Vicente Faleiros, especialista em violência e docente na UnB, considera que a lei será um marco histórico das “novas relações dos pais com as crianças”. “Acho que a polêmica em relação ao projeto vem justamente dessa tradição de educar com o castigo corporal. Hoje, nós temos um novo tipo de relacionamento com a criança que permite dar limites de muitas maneiras.

Com diálogo, com educação e mesmo com castigos não corporais”, diz. A relatora da matéria, deputada Teresa Surita (PMDB-RR), vai na mesma linha de raciocínio ao defender que o projeto tem caráter pedagógico. “Dar uma palmada não é crime, não acontece nada com os pais, como punição. Não se propõe que se puna ou penalize os pais”, diz a parlamentar. “Mas a palmada é uma violência, é o início de qualquer agressão. A essência da lei é proteger a criança de qualquer agressão.”

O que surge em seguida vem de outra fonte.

(* If f' recolors the single vertex x, the neighbours of x all carry the third color, so one height step of 2 at x
   lifts f'. *)
Lemma col_adj_lift f f' h : col_adj e f f' -> is_lift f h ->
  exists x (s : int), (s = 2 \/ s = -2) /\
    is_lift f' (fun y => if y == x then h x + s else h y).
Proof.
case/and3P=> f_proper f'_proper /cards1P[x diff_x] [h_mod h_adj].
have in_diff y : (f y != f' y) = (y == x).
  by have := congr1 (fun A : {set V} => y \in A) diff_x; rewrite !inE.
have f'E y : y != x -> f' y = f y by rewrite -in_diff negbK => /eqP.
have fx : (f' x : nat) != f x by rewrite val_eqE eq_sym in_diff.
pose s : int := if (((f' x)%:Z - (f x)%:Z) %% 3)%Z == 1 then -2 else 2.
have near w : (f' x : nat) != f w -> (f x : nat) != f w ->
    `|h x - h w| = 1 -> `|h x + s - h w| = 1.
  move=> f'xw fxw hxw; have := h_mod x; have := h_mod w.
  have := ltn_ord (f x); have := ltn_ord (f' x); have := ltn_ord (f w).
  by rewrite /s; case: eqP => ?; lia.
exists x, s; split; first by rewrite /s; case: eqP; auto.
split => [y | a b ab].
  case: eqP => [-> | /eqP yx]; last by rewrite f'E.
  have := h_mod x; have := ltn_ord (f x); have := ltn_ord (f' x).
  by rewrite /s; case: eqP => ?; lia.
move: (proper3_edge f'_proper ab) (proper3_edge f_proper ab) (h_adj _ _ ab).
case: (eqVneq a x) => [-> | ax]; case: (eqVneq b x) => [-> | bx] /=.
- by move=> _ _; rewrite subrr.
- by rewrite (f'E _ bx) -!val_eqE; apply: near.
- rewrite (f'E _ ax) ![f a == _]eq_sym !(distrC (h a)) -!val_eqE.
  exact: near.
- by [].
Qed.

Lemma col_walk_lift j f f' h : walk_len (col_adj e) j f f' -> is_lift f h ->
  exists h', [/\ is_lift f' h', forall y, (2 %| h' y - h y)%Z
                & (\sum_y absz (h' y - h y)%R <= 2 * j)%N].
Proof.
elim: j f h => [|j IHj] f h /=.
  move=> /eqP <- h_lift; exists h; split => // [y | ]; first by rewrite subrr.
  by rewrite big1 // => y _; rewrite subrr.
case/existsP=> g /andP[fg gf'] h_lift.
have [x [s [s2 g_lift]]] := col_adj_lift fg h_lift.
set hg := fun y => if y == x then h x + s else h y in g_lift.
have [h' [f'_lift h'_even h'_cost]] := IHj _ _ gf' g_lift.
have step_cost : (\sum_y absz (hg y - h y) = 2)%N.
  rewrite (bigD1 x) //= big1 => [|y yx]; first by rewrite /hg eqxx; lia.
  by rewrite /hg (negbTE yx) subrr.
exists h'; split => // [y | ].
  by have := h'_even y; rewrite /hg; case: eqP => [-> |]; lia.
apply: (@leq_trans (\sum_y (absz (h' y - hg y) + absz (hg y - h y)))).
  by apply: leq_sum => y _; lia.
by rewrite big_split /= step_cost mulnS addnC leq_add2l.
Qed.

Lemma lift_diff_connect g h1 h2 x y : is_lift g h1 -> is_lift g h2 ->
  connect e x y -> h1 x - h2 x = h1 y - h2 y.
Proof.
move=> [mod1 adj1] [mod2 adj2] /connect_walk_len[k].
elim: k x => [|k IHk] x /=; first by move/eqP ->.
case/existsP=> z /andP[xz zy]; rewrite -(IHk _ zy).
by have := adj1 _ _ xz; have := adj2 _ _ xz; have := mod1 x; have := mod1 z;
  have := mod2 x; have := mod2 z; lia.
Qed.

(* Any two lifts of g on a connected graph differ by a constant, here a multiple of 3. *)
Lemma col_walk_shift j f g hf hg : (forall x y, connect e x y) ->
    walk_len (col_adj e) j f g -> is_lift f hf -> is_lift g hg ->
  exists c : int, [/\ (3 %| c)%Z, forall y, (2 %| hg y + c - hf y)%Z
                & (\sum_y absz (hg y + c - hf y)%R <= 2 * j)%N].
Proof.
move=> e_conn fg hf_lift hg_lift.
have [h [g_lift h_even h_cost]] := col_walk_lift fg hf_lift.
case: (pickP (fun _ : V => true)) => [v _ | V0]; last first.
  exists 0; split => [| y |]; first exact: dvdz0.
    by have := V0 y.
  by rewrite big_pred0.
have shift y : h y = hg y + (h v - hg v).
  by have := lift_diff_connect g_lift hg_lift (e_conn y v); lia.
exists (h v - hg v); split => [| y | ].
- by have := g_lift.1 v; have := hg_lift.1 v; lia.
- by rewrite -shift.
- by under eq_bigr do rewrite -shift.
Qed.

End Lifts.

Lemma sum_by_level (T : finType) (k : T -> nat) (phi : nat -> nat) N :
    (forall y, k y < N) ->
  \sum_y phi (k y) = \sum_(i < N) phi i * #|[set y | k y == i]|.
Proof.
move=> k_lt; transitivity (\sum_y \sum_(i < N) (k y == i) * phi i).
  apply: eq_bigr => y _; rewrite (bigD1 (Ordinal (k_lt y))) //= eqxx mul1n big1 ?addn0 //.
  by move=> i; rewrite -val_eqE eq_sym => /negbTE ->.
rewrite exchange_big; apply: eq_bigr => i _.
rewrite -sum1dep_card big_distrr /= [RHS]big_mkcond.
by apply: eq_bigr => y _; case: (k y == i); rewrite ?mul1n ?muln1.
Qed.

O projeto de lei pode modificar relações como a de Júlia*, 14 anos, e a mãe, Norma*, 33. Ambas foram recentemente ao Conselho Tutelar do Distrito Federal para tentar minimizar a situação de violência. “Ela bate com pau, mangueira… Uma vez, me bateu com a mangueira e eu fiquei toda roxa, demorou um mês para sair.

Ontem, foi com cabo de vassoura”, diz a adolescente. Norma rebate: “Já bati em todos os meus filhos, mas na maneira de corrigir e não de espancar. O certo seria nunca bater nos filhos, mas muitas vezes chega um limite que a gente não aguenta”, desabafa. Apesar disso, Norma sabe dos malefícios de surrar os filhos. “Depois, a família se afasta.

Não dá para fingir que nada aconteceu.” Mesmo assim, a mulher se pergunta, como tantos milhões de pais e mães brasileiras, como educar os filhos sem no mínimo a famosa palmada. “Onde eu moro, os pais batem nos filhos para ensinar. Eu tenho medo de não dar o limite certo e eles virarem uns delinquentes.”